Armenia also seems to be a place of old and new. On the way to Gyumri, parts of the road were well paved with modern railings while others were littered with potholes and demarcated with stones. Similarly, in Gyumri, the large roads are well paved, but the side streets are run down. On many of the smaller streets, large holes in the concrete pavement reveal the pebbles over which the pavement was laid. There are also many houses that are crumbling or boarded up among other proudly standing ones. This legacy of the 1988 earthquake is still visible. Furthermore, there are some crosswalks with screens counting down both the green and red lights and other places where you have to calculate whether a car will let you pass. If a car lets you pass, it may only slow down, instead of stopping, making you question your judgment. I was also surprised to see many stone-laid accessible paths alongside steps and on the curb. Then again, the other side of the street is like hiking through the woods with many tree roots in the way. Moreover, rusty Soviet era cars sputter alongside more recent Mercendes Benz cars, either indicating growth or disparities.

A more rundown street

The place where we wanted to have lunch was closed for the day, so we ended up wandering through a third of Gyumri. We settled on Florence Gyumri, which is pricey for locals but pretty affordable by American standards.

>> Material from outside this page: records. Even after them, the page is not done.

(* For real numbers $x\ge y\ge2$ we have $$ \Phi(x,y)\le\frac1{\log x}\int_1^x\frac{\Phi(t,y)}{t}\,dt+\frac1{\log x}\sum_{\substack{d\le x\\P(\varphi(d))\le y}}\Phi\left(\frac xd,y\right)\Lambda(d), $$ where the sum is over positive integers $d\le x$ with $P(\varphi(d))\le y$.
   Context: $\varphi$ is Euler's totient function and $\Lambda$ is the von Mangoldt function. $P(n)$ denotes the largest prime factor of an integer $n>1$, with $P(1)=1$. For real $t\ge1$ and $y\ge2$, $\Phi(t,y)$ denotes the number of positive integers $n\le t$ with $P(\varphi(n))\le y$. *)

From Stdlib Require Import Reals List.
From Coquelicot Require Import Coquelicot.
From mathcomp Require Import ssreflect ssrbool ssrnat prime.
From mathcomp Require seq.

Open Scope R_scope.

(* P(n): largest prime factor of n > 1, with P(1) = 1 (mathcomp max_pdiv). *)
Definition Pmax (n : nat) : nat := max_pdiv n.

Definition smooth_phi (y : R) (n : nat) : bool :=
  if Rle_dec (INR (Pmax (totient n))) y then true else false.

Definition le_real (n : nat) (t : R) : bool :=
  if Rle_dec (INR n) t then true else false.

Definition upto (t : R) : list nat :=
  filter (fun n => le_real n t) (seq 1 (Z.to_nat (up t))).

Definition Phi (t y : R) : R :=
  INR (length (filter (smooth_phi y) (upto t))).

(* von Mangoldt: Lambda(d) = log p if d = p^k with p prime, k >= 1; else 0. *)
Definition vonMangoldt (d : nat) : R :=
  if ((1 < d)%N && eqn (seq.size (primes d)) 1) then ln (INR (pdiv d)) else 0.

Definition sumR (l : list R) : R := fold_right Rplus 0 l.

(* Write [Phi x y * ln x] as the sum, over the [n <= x] with [P(phi n) <= y], of
   [(ln x - ln n) + ln n].  The first parts add up to the integral, since
   [t |-> [n <= t] / t] integrates to [ln x - ln n] over [[1, x]].  For the second,
   [ln n <= sum_(d | n) Lambda d]; after exchanging the sums, every divisor [d] of
   such an [n] is again such an integer (because [phi d] divides [phi n]), and
   [n / d] is counted by [Phi (x / d) y]. *)

From Stdlib Require Import Reals List Lia Lra.
From Coquelicot Require Import Coquelicot.
From HB Require Import structures.
From mathcomp Require Import ssreflect ssrbool ssrfun eqtype ssrnat div prime bigop.
From mathcomp Require seq.
Open Scope R_scope.

HB.instance Definition _ :=
  Monoid.isComLaw.Build R 0 Rplus
    (fun a b c => esym (Rplus_assoc a b c)) Rplus_comm Rplus_0_l.

Lemma sumR_map (T : Type) (f : T -> R) (l : list T) :
  sumR (map f l) = \big[Rplus/0]_(a <- l) f a.
Proof. by elim: l => [|a l IH]; rewrite ?big_nil ?big_cons //= IH. Qed.

(* [seq] is only imported inside sections, so that [map] and [filter] in the final
   statement still denote the [List] functions used by the definitions. *)
Section RealSums.
Import seq.

Lemma big_Rle (I : eqType) (r : seq I) (P : pred I) (F G : I -> R) :
  (forall i, i \in r -> P i -> F i <= G i) ->
  \big[Rplus/0]_(i <- r | P i) F i <= \big[Rplus/0]_(i <- r | P i) G i.
Proof.
move=> FG; rewrite big_seq_cond [X in _ <= X]big_seq_cond.
elim/big_ind2: _ => [|*|i /andP[]]; [lra | exact: Rplus_le_compat | exact: FG].
Qed.

Lemma big_const_R (I : Type) (r : seq I) (P : pred I) (c : R) :
  \big[Rplus/0]_(i <- r | P i) c = INR (count P r) * c.
Proof.
rewrite big_const_seq; elim: (count P r) => [|n IH]; first by rewrite /=; lra.
by rewrite S_INR /= IH; lra.
Qed.

Lemma big_Rge0 (I : Type) (r : seq I) (P : pred I) (F : I -> R) :
  (forall i, P i -> 0 <= F i) -> 0 <= \big[Rplus/0]_(i <- r | P i) F i.
Proof. by move=> F0; elim/big_ind: _ => // [|*]; [lra | exact: Rplus_le_le_0_compat]. Qed.

Lemma big_Rle_subpred (I : eqType) (r : seq I) (P Q : pred I) (F : I -> R) :
  (forall i, i \in r -> P i -> Q i) -> (forall i, i \in r -> Q i -> 0 <= F i) ->
  \big[Rplus/0]_(i <- r | P i) F i <= \big[Rplus/0]_(i <- r | Q i) F i.
Proof.
move=> PQ F0; rewrite big_mkcond [X in _ <= X]big_mkcond.
apply: big_Rle => i ri _; case: ifP => [/(PQ i ri)-> | _]; first exact: Rle_refl.
by case: ifP => [/(F0 i ri) | _]; last exact: Rle_refl.
Qed.

Lemma is_RInt_big (I : eqType) (r : seq I) (P : pred I) (f : I -> R -> R)
    (v : I -> R) (a b : R) :
  (forall i, i \in r -> P i -> is_RInt (f i) a b (v i)) ->
  is_RInt (fun t => \big[Rplus/0]_(i <- r | P i) f i t) a b
          (\big[Rplus/0]_(i <- r | P i) v i).
Proof.
elim: r => [|i r IH] fv.
  rewrite big_nil; apply: (is_RInt_ext (fun _ => 0)) => [t _|]; first by rewrite big_nil.
  by move: (is_RInt_const a b 0); rewrite scal_zero_r.
have {}IH := IH (fun j jr => fv j (@mem_behead _ (i :: r) j jr)).
rewrite big_cons; case: ifP => Pi; last first.
  by apply: (is_RInt_ext _ _ _ _ _ _ IH) => t _; rewrite big_cons Pi.
apply: (is_RInt_ext (fun t => f i t + \big[Rplus/0]_(j <- r | P j) f j t)).
  by move=> t _; rewrite big_cons Pi.
exact: (is_RInt_plus _ _ _ _ _ _ (fv i (mem_head i r) Pi) IH).
Qed.

End RealSums.

Section ArithmeticFunctions.
Import seq.

Lemma totient_dvdn d n : (0 < n)%N -> d %| n -> totient d %| totient n.
Proof.
move=> n0 dn; have d0 : (0 < d)%N := dvdn_gt0 n0 dn.
rewrite !totientE //.
apply: (@dvdn_trans (\prod_(p <- primes d) (p.-1 * p ^ (logn p n).-1))).
  elim/big_ind2: _ => // [*|p _]; first exact: dvdn_mul.
  apply/dvdn_mul/dvdn_exp2l => //; rewrite -!subn1 leq_sub2r //.
  exact: dvdn_leq_log.
rewrite [X in _ %| X](bigID (mem (primes d))) /=; apply: dvdn_mulr.
rewrite -[X in _ %| X]big_filter.
suff e : perm_eq [seq p <- primes n | p \in primes d] (primes d).
  by rewrite (perm_big _ e).
apply: uniq_perm; rewrite ?filter_uniq ?primes_uniq // => p.
rewrite mem_filter andb_idr // !mem_primes n0 => /and3P[-> _ pd].
exact: dvdn_trans dn.
Qed.

Lemma max_pdiv_dvdn_leq d n : (0 < n)%N -> d %| n -> (max_pdiv d <= max_pdiv n)%N.
Proof.
move=> n0 dn; case: (ltnP 1 d) => [d1|]; last by case: d {dn} => [|[|]].
apply: max_pdiv_max; move: (pi_max_pdiv d); rewrite d1 !mem_primes n0.
by case/and3P=> -> _ /dvdn_trans->.
Qed.

Lemma smooth_phi_dvdn [y : R] [d n : nat] :
  (0 < n)%N -> d %| n -> smooth_phi y n -> smooth_phi y d.
Proof.
move=> n0 dn; have le_dn : INR (Pmax (totient d)) <= INR (Pmax (totient n)).
  apply/le_INR/leP/max_pdiv_dvdn_leq; last exact: totient_dvdn.
  by rewrite totient_gt0.
by rewrite /smooth_phi; do 2 case: Rle_dec => //; move=> *; exfalso; lra.
Qed.

Lemma vonMangoldt_ge0 d : 0 <= vonMangoldt d.
Proof.
rewrite /vonMangoldt; case: ifP => _; last exact: Rle_refl.
rewrite -ln_1; apply: ln_le; first exact: Rlt_0_1.
exact/(le_INR 1)/leP/pdiv_gt0.
Qed.

Lemma vonMangoldt_pfactor p k :
  prime p -> (0 < k)%N -> vonMangoldt (p ^ k) = ln (INR p).
Proof.
move=> pp; case: k => // k _.
rewrite /vonMangoldt primesX // primes_prime // pdiv_pfactor //.
by rewrite -[X in (X < _)%N](expn0 p) ltn_exp2l ?prime_gt1.
Qed.

(* Peel off [p = pdiv n]: [p ^ logn p n] divides [n] but not [n %/ p], and
   contributes [ln p]. *)
Lemma ln_le_sum_vonMangoldt N n : (0 < n)%N -> (n <= N)%N ->
  ln (INR n) <= \big[Rplus/0]_(d <- iota 1 N | d %| n) vonMangoldt d.
Proof.
elim/ltn_ind: n => n IH n0 nN; case: (ltnP 1 n) => [n1 | n_le1]; last first.
  rewrite (_ : n = 1%N); last by apply/eqP; rewrite eqn_leq n_le1.
  rewrite ln_1; apply: big_Rge0 => d _; exact: vonMangoldt_ge0.
set p := pdiv n; set k := logn p n; set m := n %/ p.
have pp : prime p by exact: pdiv_prime.
have n_mp : n = (m * p)%N by rewrite divnK ?pdiv_dvd.
have m0 : (0 < m)%N by move: n0; rewrite n_mp muln_gt0 => /andP[].
have k_m : k = (logn p m).+1.
  by rewrite /k n_mp (lognM _ m0 (prime_gt0 pp)) (logn_prime p pp) eqxx addn1.
have pk_n : p ^ k %| n := pfactor_dvdnn p n.
have pk_m : ~~ (p ^ k %| m) by rewrite pfactor_dvdn // k_m ltnn.
have pk_I : (p ^ k)%N \in [seq d <- iota 1 N | d %| n].
  rewrite mem_filter pk_n mem_iota expn_gt0 prime_gt0 //= add1n ltnS.
  exact: leq_trans (dvdn_leq n0 pk_n) nN.
rewrite -big_filter (bigD1_seq _ pk_I) ?filter_uniq ?iota_uniq //= big_filter_cond.
have -> : ln (INR n) = vonMangoldt (p ^ k)%N + ln (INR m).
  rewrite vonMangoldt_pfactor ?k_m // n_mp mult_INR ln_mult; first lra.
    exact/lt_0_INR/ltP.
  exact/lt_0_INR/ltP/prime_gt0.
apply: Rplus_le_compat_l; apply: Rle_trans (IH m _ m0 _) _.
- by rewrite /m ltn_Pdiv ?prime_gt1.
- by apply: leq_trans nN; rewrite /m leq_div.
apply: big_Rle_subpred => [d _ dm | d _ _]; last exact: vonMangoldt_ge0.
rewrite n_mp dvdn_mulr //=; apply: contraNneq pk_m => <-; exact: dm.
Qed.

End ArithmeticFunctions.

Lemma is_RInt_eq0 (f : R -> R) (a b : R) :
  a <= b -> (forall t, a < t < b -> f t = 0) -> is_RInt f a b 0.
Proof.
move=> ab f0; move: (is_RInt_const a b 0); rewrite scal_zero_r.
by apply: is_RInt_ext => t; rewrite Rmin_left // Rmax_right // => /f0->.
Qed.

Lemma le_realP n t : reflect (INR n <= t) (le_real n t).
Proof. by rewrite /le_real; case: Rle_dec => h; constructor. Qed.

Lemma le_up_nat n t : INR n <= t -> (n <= Z.to_nat (up t))%N.
Proof.
move=> nt; have [t_up _] := archimed t.
have : (Z.of_nat n < up t)%Z by apply: lt_IZR; rewrite -INR_IZR_INZ; lra.
by move=> n_up; apply/leP; lia.
Qed.

Lemma is_RInt_inv_from n x : 1 <= INR n -> 1 <= x ->
  is_RInt (fun t => if le_real n t then / t else 0) 1 x
          (if le_real n x then ln x - ln (INR n) else 0).
Proof.
move=> n1 x1; case: (le_realP n x) => [nx | xn]; last first.
  by apply: is_RInt_eq0 => // t [_ tx]; case: le_realP => //; lra.
rewrite -[X in is_RInt _ _ _ X]Rplus_0_l; apply: (is_RInt_Chasles _ _ (INR n)).
  by apply: is_RInt_eq0 => // t [_ tn]; case: le_realP => //; lra.
have FTC : is_RInt Rinv (INR n) x (minus (ln x) (ln (INR n))).
  apply: is_RInt_derive => t; rewrite Rmin_left // Rmax_right // => -[nt _].
    by apply: is_derive_ln; lra.
  by apply: continuous_Rinv; lra.
apply: is_RInt_ext FTC => t; rewrite Rmin_left // Rmax_right // => -[nt _].
by case: le_realP => //; lra.
Qed.

Section PhiCounting.
Import seq.
Variable y : R.

(* Only used on ranges [iota 1 N]: it does not exclude [n = 0]. *)
Definition Phi_pred (t : R) (n : nat) : bool := smooth_phi y n && le_real n t.

Lemma count_iota_bounded (P : pred nat) B M :
  (forall n, P n -> n <= B)%N -> (B <= M)%N ->
  count P (iota 1 M) = count P (iota 1 B).
Proof.
move=> PB BM; rewrite -(subnKC BM) iotaD count_cat.
rewrite [X in (_ + X)%N](@eq_in_count _ _ pred0) ?count_pred0 ?addn0 // => n.
rewrite mem_iota add1n => /andP[Bn _]; apply/negbTE; apply: contraTN Bn.
by move/PB; rewrite leqNgt.
Qed.

Lemma Phi_count t N : (forall n, INR n <= t -> (n <= N)%N) ->
  Phi t y = INR (count (Phi_pred t) (iota 1 N)).
Proof.
move=> tN; set K := Z.to_nat (up t).
have -> : Phi t y = INR (count (Phi_pred t) (iota 1 K)).
  rewrite -size_filter (@eq_filter _ _ (predI (smooth_phi y) (le_real^~ t))) //.
  by rewrite filter_predI.
have PB : forall n, Phi_pred t n -> (n <= minn K N)%N.
  by move=> n /andP[_ /le_realP nt]; rewrite leq_min le_up_nat ?tN.
rewrite (@count_iota_bounded _ _ K PB) ?geq_minl //.
by rewrite (@count_iota_bounded _ _ N PB) ?geq_minr.
Qed.

Lemma Phi_pred_dvdn [t : R] [d n : nat] :
  (0 < n)%N -> d %| n -> Phi_pred t n -> Phi_pred t d.
Proof.
move=> n0 dn /andP[sn /le_realP nt]; rewrite /Phi_pred (smooth_phi_dvdn n0 dn sn) /=.
apply/le_realP; apply: (Rle_trans _ (INR n)) => //; apply/le_INR/leP; exact: dvdn_leq.
Qed.

Lemma count_multiples_le t d N : (0 < d)%N ->
  (count (fun n => Phi_pred t n && (d %| n)) (iota 1 N)
   <= count (Phi_pred (t / INR d)) (iota 1 N))%N.
Proof.
move=> d0; rewrite -!size_filter -(size_map (divn^~ d)).
apply: uniq_leq_size => [|m /mapP[n]].
  rewrite map_inj_in_uniq ?filter_uniq ?iota_uniq // => n1 n2.
  rewrite !mem_filter => /andP[/andP[_ dn1] _] /andP[/andP[_ dn2] _] e.
  by rewrite -(divnK dn1) e divnK.
rewrite !mem_filter mem_iota => /andP[/andP[Pn dn] /andP[n0 nN]] ->.
have nd_n : n %/ d %| n by rewrite -{2}(divnK dn) dvdn_mulr.
rewrite mem_iota divn_gt0 // (dvdn_leq n0 dn) (leq_ltn_trans (leq_div n d) nN) /=.
rewrite andbT.
move: Pn => /andP[sn /le_realP nt]; rewrite /Phi_pred (smooth_phi_dvdn n0 nd_n sn) /=.
have dpos : 0 < INR d by exact/lt_0_INR/ltP.
apply/le_realP; apply: (Rmult_le_reg_r (INR d)) => //.
by rewrite -mult_INR multE divnK // /Rdiv Rmult_assoc Rinv_l ?Rmult_1_r //; lra.
Qed.

Lemma sum_ln_le_sum_Phi x N : 0 <= x -> (forall n, INR n <= x -> (n <= N)%N) ->
  \big[Rplus/0]_(n <- iota 1 N | Phi_pred x n) ln (INR n)
  <= \big[Rplus/0]_(d <- iota 1 N | Phi_pred x d) (Phi (x / INR d) y * vonMangoldt d).
Proof.
move=> x0 xN.
apply: (Rle_trans _ (\big[Rplus/0]_(n <- iota 1 N | Phi_pred x n)
                      \big[Rplus/0]_(d <- iota 1 N | d %| n) vonMangoldt d)).
  apply: big_Rle => n; rewrite mem_iota add1n ltnS => /andP[n0 nN] _.
  exact: ln_le_sum_vonMangoldt.
rewrite (exchange_big_dep xpredT) //= [X in _ <= X]big_mkcond /=.
apply: big_Rle => d; rewrite mem_iota => /andP[d0 _] _; rewrite big_const_R.
case: ifP => Pd; last first.
  rewrite (@eq_in_count _ _ pred0) ?count_pred0 /= => [|n]; first lra.
  rewrite mem_iota => /andP[n0 _]; apply/negbTE/negP => /andP[Pn dn].
  by move: Pd; rewrite (Phi_pred_dvdn n0 dn Pn).
apply: Rmult_le_compat_r; first exact: vonMangoldt_ge0.
have d1 : 1 <= INR d by exact/(le_INR 1)/leP.
have x_d : x / INR d <= x.
  rewrite -[X in _ <= X]Rmult_1_r; apply: Rmult_le_compat_l => //.
  by rewrite -Rinv_1; apply: Rinv_le_contravar; lra.
rewrite (@Phi_count _ N) => [|n nx]; last exact/xN/(Rle_trans _ _ _ nx).
exact/le_INR/leP/count_multiples_le.
Qed.

Lemma RInt_Phi_div x : 1 <= x ->
  RInt (fun t => Phi t y / t) 1 x
  = \big[Rplus/0]_(n <- iota 1 (Z.to_nat (up x)) | Phi_pred x n) (ln x - ln (INR n)).
Proof.
move=> x1; set N := Z.to_nat (up x); apply: is_RInt_unique.
rewrite big_mkcondr; apply: (is_RInt_ext (fun t =>
  \big[Rplus/0]_(n <- iota 1 N | smooth_phi y n) (if le_real n t then / t else 0))).
  move=> t; rewrite Rmin_left // Rmax_right // => -[t1 tx].
  rewrite (@Phi_count _ N) => [|n nt]; last by apply/le_up_nat; lra.
  by rewrite /Rdiv -big_const_R [RHS]big_mkcondr.
apply: is_RInt_big => n; rewrite mem_iota => /andP[n0 _] _.
by apply: is_RInt_inv_from => //; apply/(le_INR 1)/leP.
Qed.

Lemma Phi_mul_ln_le x : 1 <= x ->
  Phi x y * ln x <= RInt (fun t => Phi t y / t) 1 x
    + \big[Rplus/0]_(d <- iota 1 (Z.to_nat (up x)) | Phi_pred x d)
        (Phi (x / INR d) y * vonMangoldt d).
Proof.
move=> x1; set N := Z.to_nat (up x).
rewrite RInt_Phi_div // (@Phi_count _ N) => [|n]; last exact: le_up_nat.
rewrite -big_const_R (eq_bigr (fun n => ln x - ln (INR n) + ln (INR n))) => [|n _]; last ring.
rewrite big_split /=; apply: Rplus_le_compat_l.
by apply: sum_ln_le_sum_Phi => [|n]; [lra | exact: le_up_nat].
Qed.

Lemma big_smooth_upto x (F : nat -> R) :
  \big[Rplus/0]_(d <- upto x | smooth_phi y d) F d
  = \big[Rplus/0]_(d <- iota 1 (Z.to_nat (up x)) | Phi_pred x d) F d.
Proof. by rewrite /upto big_filter_cond; apply: eq_bigl => d; rewrite andbC. Qed.

End PhiCounting.

Theorem lemma3p1 (x y : R) (Hy : 2 <= y) (Hxy : y <= x) :
  Phi x y <=
    / ln x * RInt (fun t => Phi t y / t) 1 x
    + / ln x * sumR (map (fun d => Phi (x / INR d) y * vonMangoldt d)
                         (filter (smooth_phi y) (upto x))).
Proof.
have x1 : 1 <= x by lra.
have lnx : 0 < ln x by rewrite -ln_1; apply: ln_increasing; lra.
rewrite sumR_map big_filter big_smooth_upto -Rmult_plus_distr_l.
apply: (Rmult_le_reg_l (ln x)) => //.
rewrite -Rmult_assoc Rinv_r ?Rmult_1_l; last lra.
by rewrite Rmult_comm; apply: Phi_mul_ln_le.
Qed.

  • Eggplant rolls filled with labne (thick yogurt), as opposed to walnut sauce, in Georgia - eggplant was well roasted and flavorful
  • Labne spread with diced olives and tomatoes mixed in, topped with drizzle of oil
  • Aveluk (Armenian sorrel) soup - tasted almost like seaweed or mushroom (fat choy?), a few bits of chicken
  • Lavash - rolled up it was quite chewy but good for soup dipping, unrolled and torn it was like roti but less fatty
Florence Gyumri was decorated with colorful, ceramic dishes as well as basket-shaped lights.

Lunch was quite heavy, so for dinner I just had some penne with vegetables at Tashir Pizza. Vegetables were well roasted and cheese was aromatic.

The central part of the city is lit up with festive lights.